Digestive system samples were macerated in pull (n = 3 individuals per experimental unit) with 100 mM L−1 of glycine-HCl pH 2 for the analysis of stomach proteases and 50 mM L−1 of Tris-HCl + 12.5 mM L−1 CaCl2 pH 7.5 for the analysis of intestinal proteases. Samples were centrifuged at 16,000 g at 4 °C for 15 min. The supernatant was collected and stored at −80 °C. For this study, each biological sample was measured in triplicate. Soluble protein quantification was performed using the Bradford technique [36]. For the evaluation of the activity of acid proteases (stomach) the method of Anson [37] was used, using 0.25% hemoglobin as a substrate solubilized in 100 mM L−1 of glycine-HCl at pH 2. Alkaline (intestinal) proteases measurement, 0.25% casein were solubilized in 50 mM L−1 of Tris-Cl and 10 mM L−1 of CaCl2 pH 9.0 was used [38]. The procedure for both techniques was continued, incubating them at 37 °C and stopping the reaction with 0.5 mL of 10% trichloroacetic acid, which was then centrifuged at 16,000 g for 15 min at 4 °C. The absorbance was read at 280 nm.
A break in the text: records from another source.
Lemma conv_negqexp_qExp : conv (negps (qexp_coef q)) qExp_coef = delta.
Proof.
rewrite -[qExp_coef]negpsK -negps_conv convC.
by rewrite conv_negqExp_qexp negps_delta.
Qed.

Lemma xpy_pow_coef n A B : xpy_pow n A B =
  if (A + B == n)%N then qfact q n / (qfact q A * qfact q B) else 0.
Proof.
elim: n A B => [|n IH] A B.
  by case: A B => [|A] [|B]; rewrite /= /qone //= qfact0 mulr1 divr1.
rewrite [xpy_pow n.+1]/= qmul_qxy_coef.
case: A => [|A]; case: B => [|B]; rewrite ?IH ?addr0 ?add0r //.
- rewrite !add0n eqSS; case: eqP => [->|] //.
  by rewrite qfact0 !mul1r !divff // qfact_neq0.
- rewrite !addn0 eqSS expr0 mul1r; case: eqP => [->|] //.
  by rewrite qfact0 !mulr1 !divff // qfact_neq0.
have -> : (A + B.+1 == n)%N = (A.+1 + B.+1 == n.+1)%N by rewrite addSn.
have -> : (A.+1 + B == n)%N = (A.+1 + B.+1 == n.+1)%N by rewrite addnS.
case: eqP => [hn|_]; last by rewrite mulr0 addr0.
have -> : n = (A + B).+1 by move: hn; lia.
rewrite !qfactS (_ : (A + B).+2 = B.+1 + A.+1)%N ?qintD; last by lia.
have := @qint_neq0 A.+1 isT; have := @qint_neq0 B.+1 isT => hB hA.
by rewrite exprS; field; rewrite hA hB !qfact_neq0.
Qed.

Lemma qsubst_qexp : qsubst (qexp_coef q) = qmul (qX (qexp_coef q)) (qY (qexp_coef q)).
Proof.
apply: qseries_ext => A B; rewrite qmulXY_coef /qsubst /qexp_coef xpy_pow_coef eqxx.
by field; rewrite !qfact_neq0.
Qed.

Lemma qsubst_qExp : qsubst qExp_coef = qmul (qY qExp_coef) (qX qExp_coef).
Proof.
apply: qseries_ext => A B; rewrite qmulYX_coef /qsubst /qExp_coef xpy_pow_coef eqxx.
by rewrite bin2D !exprD mulnC; field; rewrite !qfact_neq0.
Qed.

Definition qD := conv (qexp_coef q) qExp_coef.
Definition qM := qadd (qY qD) (qX (negps qD)).
Definition qQ p := qmul (qmul (qX qExp_coef) (qsubst p)) (qX (qexp_coef q)).

Lemma qmul_qM_qQ p : conv (addps qD delta) p = delta -> qmul qM (qQ p) = qone.
Proof.
move=> hp.
have hX : qmul (qX (negps qD)) (qX qExp_coef) = qX (negps qExp_coef).
  rewrite qmulXX /qD negps_conv [conv (negps _) (negps _)]convC convA.
  by rewrite conv_negqexp_qExp conv_delta.
have hY : qmul (qY qD) (qX qExp_coef) = qmul (qX (negps qExp_coef)) (qsubst qD).
  transitivity (qmul (qmul (qmul (qmul (qX (negps qExp_coef)) (qX (qexp_coef q)))
                  (qY (qexp_coef q))) (qY qExp_coef)) (qX qExp_coef)).
    by rewrite qmulXX conv_negqExp_qexp qX_delta qmul1s qmulYY.
  by rewrite /qD -qsubst_mul qsubst_qexp qsubst_qExp !qmulA.
have hMX : qmul qM (qX qExp_coef) = qmul (qX (negps qExp_coef)) (qsubst (addps qD delta)).
  by rewrite /qM qmulDl hX hY qsubst_add qsubst_delta qmulDr qmuls1.
rewrite /qQ !qmulA hMX -[qmul (qmul (qX _) _) (qsubst p)]qmulA qsubst_mul hp qsubst_delta qmuls1.
by rewrite qmulXX conv_negqExp_qexp qX_delta.
Qed.

Lemma qswap_qM : qswap qM = qM.
Proof. by rewrite /qM qswap_add qswap_qX qswap_qY negpsK qaddC. Qed.

Definition qplus_prod B s := \prod_(i < s) (q ^+ B + q ^+ i).

Definition qQ_term p B a k := p (a + B)%N
  * (qfact q (a + B) / (qfact q a * qfact q B)) * (qplus_prod B k / qfact q k).
Lemma loc_lift_locmap b x : loc_lift b (iA x) = iD (ddiag x * didem b).
Proof. by rewrite /loc_lift locF_locmap rmorphM. Qed.

Lemma locF_dproj_lift c b q : E c (loc_lift b q) = if c == b then q else 0.
Proof.
rewrite /loc_lift rmorphM /= locF_dproj_ddiag locF_locmap.
by rewrite /didem; case: b; case: c; rewrite /= ?rmorph1 ?rmorph0 ?mulr1 ?mulr0.
Qed.

Lemma fractional_ideal_dup (J : bool -> total_quot A -> Prop) :
  (forall b, fractional_ideal (J b)) -> fractional_ideal (fun q => forall b, J b (E b q)).
Proof.
move=> HJ; split.
- by move=> b; rewrite rmorph0; case: (HJ b).
- by move=> x y hx hy b; rewrite rmorphD; case: (HJ b) => _ JD _ _; apply: JD.
- by move=> r x hx b; rewrite rmorphM /= locF_locmap; case: (HJ b) => _ _ JM _; apply: JM.
case: (HJ true) => _ _ _ [d1 rd1 hd1]; case: (HJ false) => _ _ _ [d2 rd2 hd2].
exists (dmk d1 d2); first exact: regular_dmk.
move=> q Jq; have [r1 e1] := hd1 _ (Jq true); have [r2 e2] := hd2 _ (Jq false).
by exists (dmk r1 r2); apply: locF_dproj_inj => -[]; rewrite rmorphM /= !locF_locmap.
Qed.

Lemma P5_dup : P5 A -> P5 D.
Proof.
move=> HA s [z Iz rz].
have /choice [J HJ] : forall b, exists J, fractional_ideal J /\
    forall w, submod_mul (qideal (ideal_gen (map (dproj b) s))) J w <-> exists r, w = iA r.
  move=> b; have [|J ? ?] := HA (map (dproj b) s); last by exists J.
  by exists (dproj b z); [apply: ideal_gen_map|apply: regular_dproj].
exists (fun q => forall b, J b (E b q)).
  by apply: fractional_ideal_dup => b; case: (HJ b).
move=> w; split.
- move=> hw; have hE b : exists r, E b w = iA r.
    apply/(proj2 (HJ b)); apply: (submod_mul_map (rmorphD _) (rmorphM _) (rmorph0 _) _ _ hw).
    + by move=> _ [t It ->]; exists (dproj b t); [apply: ideal_gen_map|apply: locF_locmap].
    + by move=> q Jq; apply: Jq.
  have [r1 e1] := hE true; have [r2 e2] := hE false.
  by exists (dmk r1 r2); apply: locF_dproj_inj => -[]; rewrite locF_locmap.
- case=> r ->.
  have -> : iD r = loc_lift true (iA (dproj true r)) + loc_lift false (iA (dproj false r)).
    by rewrite !loc_lift_locmap -rmorphD !didem_ddiag -mulrDl didem_sum mul1r.
  have lift b : submod_mul (qideal (ideal_gen s)) (fun q => forall c, J c (E c q))
      (loc_lift b (iA (dproj b r))).
    apply: (submod_mul_map (loc_liftD b) (loc_liftM b) (loc_lift0 b) _ _
      ((proj2 (HJ b) _).2 (ex_intro _ _ erefl))).
    + move=> _ [t It ->]; rewrite loc_lift_locmap.
      by exists (ddiag t * didem b) => //; apply: ideal_gen_lift.
    + move=> q Jq c; rewrite locF_dproj_lift; case: eqP => [->|_] //.
      by case: (proj1 (HJ c)).
  exact: submod_mulD (lift true) (lift false).
Qed.

Lemma P5_of_dup : P5 D -> P5 A.
Proof. exact: (P5_retract ddiagK (@regular_dproj true) (@regular_ddiag)). Qed.

End TotalQuotient.

End FullDuplication.

End Duplication.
The lipase activity was measured with the intestinal extracts following the method of Versaw et al. [39], for which 100 mM L−1 of sodium taurocholate, 50 mM L−1 of Tris-HCl pH 7.5, and 100 mM L−1 of β-naphthyl acetate were used as substrates. The extract was incubated for 30 min at 37 °C and the reaction was quenched with 0.5 mL of 10% trichloroacetic acid and ethyl acetate (1:1 v/v); absorbance was read at 540 nm. The α-amylase activity was measured with the intestinal extracts employing the Robyt and Whelan [40] technique and the substrate used was 2% starch in a 0.05 M L−1 NaCl sodium citrate buffer at pH 7.5. Samples were incubated at 37 °C for 50 min and activity was quantified at 600 nm. All data obtained are shown as U mg protein−1 according to the following equations: units by mL (U mL−1) = [Δabs × final reaction volume (mL)] [ε × time (min) × extract volume (mL)]−1; specific activity (U mg protein−1) = U mL × mg of soluble protein−1, where “ε” represents the molar extinction coefficient.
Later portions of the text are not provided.